Version-Release number of selected component (if applicable):

kernel 3.0-0.rc7.git0.1.fc16.i686 

How reproducible:


Steps to Reproduce:
1.
2.
3.
  
Actual results:


Expected results:


Additional info:

Comment 1 Michal Schmidt 2011-07-18 11:53:19 UTC
*** Bug 722401 has been marked as a duplicate of this bug. ***

Comment 2 Stephen John Smoogen 2011-07-18 15:42:47 UTC
I have been trying to track down a set of crashes with 3.0 systems... the system prints this and gets slower and slower until it "locks" up completely. Problem does not occur on 2.6.38.8-32 kernel. Not sure what it causing this between the two.

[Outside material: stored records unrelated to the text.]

(* Let $G$ be a connected simple graph on $n\geq 3$ vertices. Then $\operatorname{reg}(G)<\frac{n}{2}$.
   Context: For a simple graph $G$ with vertex set $\{x_1,\dots,x_n\}$, $R=K[x_1,\dots,x_n]$ for a field $K$, and the edge ideal is $I(G)=\langle x_ix_j \mid \{x_i,x_j\}\in E(G)\rangle$. We write $\operatorname{reg}(G)$ for the Castelnuovo–Mumford regularity $\operatorname{reg}(R/I(G))=\max\{j-i\mid \beta_{i,j}(R/I(G))\neq 0\}$. *)

(* Graded Betti numbers of R/I(G), R = K[x_0..x_(n-1)],
   computed as dim_K Tor_i^R(K, R/I(G))_j via the (multigraded) Koszul
   complex K(x_0..x_(n-1)) (x) R/I(G). *)
From mathcomp Require Import all_boot all_order all_algebra.
Set Implicit Arguments. Unset Strict Implicit. Unset Printing Implicit Defensive.
Import GRing.Theory.
Local Open Scope ring_scope.

(* the monomial x^b lies in the edge ideal I(G) of the graph e on 'I_n *)
Definition in_edge_ideal (n : nat) (e : rel 'I_n) (b : 'I_n -> nat) : bool :=
  [exists u, exists v, [&& e u v, (0 < b u)%N & (0 < b v)%N]].

Definition shift_exp (n : nat) (a : 'I_n -> nat) (F : {set 'I_n}) : 'I_n -> nat :=
  fun k => (a k - (k \in F))%N.

(* e_F (x) x^(a - e_F) is a nonzero basis element of the multidegree-a part
   of the Koszul complex K(x) (x) R/I(G) *)
Definition kbasis (n : nat) (e : rel 'I_n) (a : 'I_n -> nat) (F : {set 'I_n}) : bool :=
  [forall k in F, (0 < a k)%N] && ~~ in_edge_ideal e (shift_exp a F).

Definition kbasis_deg (n : nat) (e : rel 'I_n) (a : 'I_n -> nat) (i : nat)
  : {set {set 'I_n}} := [set F | kbasis e a F & #|F| == i].

(* Koszul sign of e_F -> e_(F minus k) *)
Definition ksign (K : fieldType) (n : nat) (F G : {set 'I_n}) : K :=
  if [pick k in F :\: G] is Some k
  then (-1) ^+ #|[set l in F | (val l < val k)%N]| else 0.

(* matrix (row-vector convention) of the Koszul differential from homological
   degree i to i-1, in multidegree a; rows/columns indexed by all subsets,
   zero outside the relevant bases *)
Definition kdiff (K : fieldType) (n : nat) (e : rel 'I_n) (a : 'I_n -> nat) (i : nat)
  : 'M[K]_(#|{set 'I_n}|) :=
  \matrix_(p, q)
    (let F := enum_val p in let G := enum_val q in
     if [&& F \in kbasis_deg e a i, kbasis e a G, G \subset F & #|F :\: G| == 1%N]
     then ksign K F G else 0).

(* multigraded Betti number beta_{i,a}(R/I(G)) = dim H_i of the complex *)
Definition betti_mg (K : fieldType) (n : nat) (e : rel 'I_n) (a : 'I_n -> nat) (i : nat)
  : nat :=
  (#|kbasis_deg e a i| - \rank (kdiff K e a i) - \rank (kdiff K e a i.+1))%N.

Definition betti (K : fieldType) (n : nat) (e : rel 'I_n) (i j : nat) : nat :=
  (\sum_(a : {ffun 'I_n -> 'I_j.+1} | \sum_k val (a k) == j)
      betti_mg K e (fun k => val (a k)) i)%N.

From mathcomp Require Import all_boot all_order all_algebra.
From mathcomp Require Import zify.
Set Implicit Arguments. Unset Strict Implicit. Unset Printing Implicit Defensive.
Import GRing.Theory.
Local Open Scope ring_scope.

(* In multidegree [a] the Koszul complex K(x) (x) R/I(G) has a basis of the sets
   F with x^(a - e_F) outside I(G).  If some a_k >= 2 this family is a cone with
   apex k and its homology vanishes; if a = e_S it consists of the F inside S
   with S \ F independent.  Sorting the cells by whether they contain a vertex v
   bounds the homology by that of two smaller complexes: v is forced into every
   cell, or v is deleted and its neighbours are forced in.  If v has no neighbour
   left the complex is a cone, so induction on the number of unforced vertices
   gives 2(|S| - i) <= |S|, i.e. 2(j - i) <= j <= n.  Equality is excluded since
   a connected graph on n >= 3 vertices has a vertex with two neighbours, and
   splitting there first gains one. *)

Lemma mxrank_mul_add_ker (K : fieldType) m1 m2 m3 n p
    (U : 'M[K]_(m1, n)) (V : 'M_(m2, n)) (M : 'M_(m3, n)) (B : 'M_(n, p)) :
  (U <= M)%MS -> (V <= M)%MS -> V *m B = 0 ->
  (\rank (U *m B) + \rank V <= \rank M)%N.
Proof.
move=> sUM sVM VB0.
have capUV : (\rank (U :&: V) <= \rank (U :&: kermx B))%N.
  by apply: mxrankS; apply: capmxS => //; rewrite sub_kermx VB0.
have sumUV : (\rank (U + V) <= \rank M)%N.
  by apply: mxrankS; rewrite addsmx_sub sUM sVM.
have := mxrank_sum_cap U V; have := mxrank_mul_ker U B; lia.
Qed.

Comment 3 Stephen John Smoogen 2011-07-18 16:43:54 UTC
Going through rawhide kernels from 2.6.39 onward.. a "deadlock" issue similar to this seems to start happening between 2.6.39-1 and 3.0.0-rc1. Not sure how to debug beyond that.

Comment 4 Paul Bolle 2011-07-21 12:07:54 UTC
0) On 2.6.39 I got only a warning:

=============================================
[ INFO: possible recursive locking detected ]
2.6.39-0.local9.fc16.i686 #1
---------------------------------------------
systemd-logind/807 is trying to acquire lock:
 (&ep->mtx){+.+.+.}, at: [<c0524a05>] ep_scan_ready_list+0x32/0x154

but task is already holding lock:
 (&ep->mtx){+.+.+.}, at: [<c0524ea4>] sys_epoll_ctl+0x103/0x481

other info that might help us debug this:
2 locks held by systemd-logind/807:
 #0:  (epmutex){+.+.+.}, at: [<c0524e5f>] sys_epoll_ctl+0xbe/0x481
 #1:  (&ep->mtx){+.+.+.}, at: [<c0524ea4>] sys_epoll_ctl+0x103/0x481

stack backtrace:
Pid: 807, comm: systemd-logind Not tainted 2.6.39-0.local9.fc16.i686 #1
Call Trace:
 [<c080af85>] ? printk+0x2d/0x2f
 [<c04690b7>] __lock_acquire+0x78f/0xae1
 [<c040790c>] ? sched_clock+0x8/0xb
 [<c045b858>] ? sched_clock_local+0x10/0x18b
 [<c0524a05>] ? ep_scan_ready_list+0x32/0x154
 [<c046981e>] lock_acquire+0xbc/0xdc
 [<c0524a05>] ? ep_scan_ready_list+0x32/0x154
 [<c08127f3>] __mutex_lock_common+0x4a/0x2f0
 [<c0524a05>] ? ep_scan_ready_list+0x32/0x154
 [<c0432502>] ? __might_sleep+0x29/0xfb
 [<c0466a50>] ? trace_hardirqs_off+0xb/0xd
 [<c0812b4e>] mutex_lock_nested+0x39/0x3e
 [<c0524a05>] ? ep_scan_ready_list+0x32/0x154
 [<c0524a05>] ep_scan_ready_list+0x32/0x154
 [<c05245df>] ? ep_remove+0x9b/0x9b
 [<c0524b3b>] ep_poll_readyevents_proc+0x14/0x16
 [<c05247ea>] ep_call_nested.constprop.2+0x6d/0x9a
 [<c0524b27>] ? ep_scan_ready_list+0x154/0x154
 [<c05248e6>] ep_eventpoll_poll+0x45/0x55
 [<c0524fa0>] sys_epoll_ctl+0x1ff/0x481
 [<c052470f>] ? ep_send_events_proc+0xd5/0xd5
 [<c0819fdf>] sysenter_do_call+0x12/0x38

1) I'm not sure what causes the difference between an actual deadlock and (just) the above warning. Could it the inherent hit or miss aspect of a race condition?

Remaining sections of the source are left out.